Тем не менее собравшиеся гости были вынуждены время от времени присоединяться к хору здравиц, инициированному записными подпевалами, и исполнять сольные партии хвалебных гимнов в адрес сидевшего на возвышении, отдельно от всех, папы Иоанна, а также молодого герцога Сполетского, занявшего стол для самых почетных светских гостей по левую руку от папы. Стол с правой стороны оставили за шестью епископами субурбикарий. Эти столы, включая папский, слуги первыми освободили от аперитива. Но долго столам пустовать не пришлось. В проеме триклиния вновь появились люди, чьи подносы были густо уставлены дымящимися глиняными горшочками, в которых благоухала бобовая похлебка. За первой очередью слуг тут же появилась вторая, которая подала пирующим ломти пшеничного хлеба, в данном случае служившие многофункциональным дополнением к супу и, в частности, заменявшие собой ложки. Третья группа придворных принесла на столы свежие овощи и фрукты, и соседи, сидящие напротив, перестали видеть друг друга за горами яблок и салата.

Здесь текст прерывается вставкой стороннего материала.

(* Let $G$ be a finite group generated by reflections of a real Euclidean space $V$ with root system $R$, and $\mathcal M_G\subset V\otimes\mathbb C$ the complement of the complexified reflection hyperplanes. Let $\sigma\in G$ be a special involution, with $V_1,V_2,R_1,R_2,G_1,G_2$ as in the context. Then every connected component of the fixed set $F_{\bar\sigma}=\{z\in\mathcal M_G:\sigma(\bar z)=z\}$ is contractible, and the number of connected components is $|G_1|\,|G_2|$.
   Context: For an involution $\sigma\in G$ (including the identity), let $V_1=\{v:\sigma v=-v\}$ and $V_2=\{v:\sigma v=v\}$, $R_i=R\cap V_i$, and $G_i$ the subgroup of $G$ generated by the reflections in the roots of $R_i$ ($i=1,2$). The involution $\sigma$ is called special if for every root $a\in R$ at least one of the orthogonal projections of $a$ onto $V_1$ and onto $V_2$ is proportional to a root from $R_1$ or $R_2$. *)

From HB Require Import structures.
From mathcomp Require Import all_boot all_order all_algebra.
From mathcomp Require Import all_classical all_reals all_analysis.
Set Implicit Arguments. Unset Strict Implicit. Unset Printing Implicit Defensive.
Import Order.TTheory GRing.Theory Num.Theory.
Import numFieldNormedType.Exports.
Local Open Scope classical_set_scope.
Local Open Scope ring_scope.

Section Defs.
Variables (R : realType) (n : nat).

(* The Euclidean space V = R^n, realised as row vectors 'rV[R]_n with the
   standard inner product; linear maps act on the right: v |-> v *m g. *)
Definition dotv (u v : 'rV[R]_n) : R := (u *m v^T) 0 0.

Definition refl_mx (a : 'rV[R]_n) : 'M[R]_n :=
  1%:M - (2 / dotv a a) *: (a^T *m a).

Definition is_mxgroup (S : set 'M[R]_n) : Prop :=
  [/\ S 1%:M, (forall x y, S x -> S y -> S (x *m y))
    & (forall x, S x -> S (invmx x))].

Definition gen_group (S : set 'M[R]_n) : set 'M[R]_n :=
  \bigcap_(H in [set H | is_mxgroup H /\ S `<=` H]) H.

Definition root_system (Rt : set 'rV[R]_n) : Prop :=
  [/\ finite_set Rt,
      (forall a, Rt a -> a != 0),
      (forall a c, Rt a -> (Rt (c *: a) <-> (c = 1 \/ c = -1)))
    & (forall a b, Rt a -> Rt b -> Rt (b *m refl_mx a))].

Definition is_orth_proj (W : set 'rV[R]_n) (a p : 'rV[R]_n) : Prop :=
  W p /\ forall w, W w -> dotv (a - p) w = 0.

Definition minus_eigsp (s : 'M[R]_n) : set 'rV[R]_n := [set v | v *m s = - v].
Definition plus_eigsp (s : 'M[R]_n) : set 'rV[R]_n := [set v | v *m s = v].

Definition proportional_to_root (S : set 'rV[R]_n) (p : 'rV[R]_n) : Prop :=
  exists c b, S b /\ p = c *: b.

Definition special_involution (Rt : set 'rV[R]_n) (G : set 'M[R]_n)
    (s : 'M[R]_n) : Prop :=
  [/\ G s, s *m s = 1%:M &
    let R1 := Rt `&` minus_eigsp s in
    let R2 := Rt `&` plus_eigsp s in
    forall a, Rt a ->
      (exists p, is_orth_proj (minus_eigsp s) a p /\
                 proportional_to_root (R1 `|` R2) p) \/
      (exists p, is_orth_proj (plus_eigsp s) a p /\
                 proportional_to_root (R1 `|` R2) p)].

(* V (x) C is realised as V * V : z = x + i y  <->  (x, y).
   The complexified hyperplane of a is { z | <a, z> = 0 }, i.e. <a,x> = <a,y> = 0. *)
Definition complement_arrangement (Rt : set 'rV[R]_n)
  : set ('rV[R]_n * 'rV[R]_n) :=
  [set z | forall a, Rt a -> ~ (dotv a z.1 = 0 /\ dotv a z.2 = 0)].

(* F_{sigma bar} = { z in M_G | sigma (conj z) = z }; conj (x,y) = (x,-y) and
   sigma acts C-linearly: sigma (x, y) = (x sigma, y sigma). *)
Definition fixed_set (Rt : set 'rV[R]_n) (s : 'M[R]_n)
  : set ('rV[R]_n * 'rV[R]_n) :=
  complement_arrangement Rt `&`
  [set z | (z.1 *m s, - (z.2 *m s)) = z].

End Defs.
Arguments refl_mx {R n}.

Definition contractible (R : realType) {T : topologicalType} (C : set T) : Prop :=
  C !=set0 /\
  exists (x0 : T) (H : R * T -> T),
    [/\ {within [set p : R * T | 0 <= p.1 <= 1 /\ C p.2], continuous H},
        (forall x, C x -> H (0, x) = x /\ H (1, x) = x0)
      & (forall t x, 0 <= t <= 1 -> C x -> C (H (t, x)))].

Definition components {T : topologicalType} (A : set T) : set (set T) :=
  [set C | exists2 z, A z & C = connected_component A z].

From HB Require Import structures.
From mathcomp Require Import all_boot all_order all_algebra.
From mathcomp Require Import all_classical all_reals all_analysis.
From mathcomp Require Import lra.
Import Order.TTheory GRing.Theory Num.Theory.
Import numFieldNormedType.Exports.
Local Open Scope classical_set_scope.
Local Open Scope ring_scope.
Set Implicit Arguments. Unset Strict Implicit. Unset Printing Implicit Defensive.
Lemma J22_packable (M N : nat) : oe_packable (J22 M N) M.
Proof.
have -> : J22 M N = I1 (M * size [:: 0%N]) N ++
    flatten [seq nseq (M * size x.2) x.1 |
             x <- rcons [:: (3^-1, [:: 0%N]); (2^-1, [:: 0%N])] (2^-1, [:: 0%N])].
  by rewrite /J22 /J3 [flatten _]/= !muln1 cats0 mul2n -addnn nseqD -!catA.
rewrite -[X in oe_packable _ X]mul1n.
apply: oe_packable_I1_cat => [//|//|]; case=> [|c] c_lt; last by [].
by split; [by [] | by [] | rewrite !big_cons big_nil /=; lra].
Qed.

Lemma J1_packable (M N : nat) : oe_packable (J1 M N) M.
Proof.
have -> : J1 M N = I1 (M * size [:: 0%N]) N ++
    flatten [seq nseq (M * size x.2) x.1 |
             x <- rcons [:: (3^-1, [:: 0%N]); (2^-1, [:: 0%N])] (1, [:: 0%N])].
  by rewrite /J1 /J2 /J3 [flatten _]/= !muln1 cats0 -!catA.
rewrite -[X in oe_packable _ X]mul1n.
apply: oe_packable_I1_cat => [//|//|]; case=> [|c] c_lt; last by [].
by split; [by [] | by [] | rewrite !big_cons big_nil /=; lra].
Qed.

Theorem mainTheorem11 (M N : nat) :
  (3 <= M)%N -> (3 <= N)%N -> ((7 ^ N.+1)`! %| M)%N ->
  [/\ (OPT (J3 M N))%:R <= (3 * M)%:R / 8 :> rat,
      (OPT (J2 M N))%:R <= (2 * M)%:R / 3 :> rat,
      (OPT (J22 M N) <= M)%N
    & (OPT (J1 M N) <= M)%N].
Proof.
move=> _ N_ge3 fact_dvd_M.
have dvd_M d : (0 < d <= 8)%N -> (d %| M)%N.
  move=> /andP[d_gt0 d_le8]; apply: dvdn_trans fact_dvd_M; rewrite dvdn_fact // d_gt0.
  by rewrite (leq_trans d_le8) // (@leq_trans (7 ^ 2)) // leq_pexp2l //; lia.
split; last 2 first.
- exact/OPT_le_packable/J22_packable.
- exact/OPT_le_packable/J1_packable.
- rewrite -(divnK (dvd_M 8%N isT)) mulnA natrM mulfK // ler_nat.
  exact/OPT_le_packable/J3_packable.
- rewrite -(divnK (dvd_M 3%N isT)) mulnA natrM mulfK // ler_nat.
  exact/OPT_le_packable/J2_packable.
Qed.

Наконец, четвертая дружина слуг, нарочно одетая более ярко, шумно приветствуемая заждавшимися гостями, торжественно внесла в триклиний несколько дюжин важно-пузатых лекифов39 и принялась делиться их содержимым с деревянными и серебряными кубками, без устали возникавшими у кувшинных горл. И вот уже благообразное жужжание чинных бесед, ведущихся между гостями, то там то сям начало разрываться первыми, но еще пока сдержанными, смешками.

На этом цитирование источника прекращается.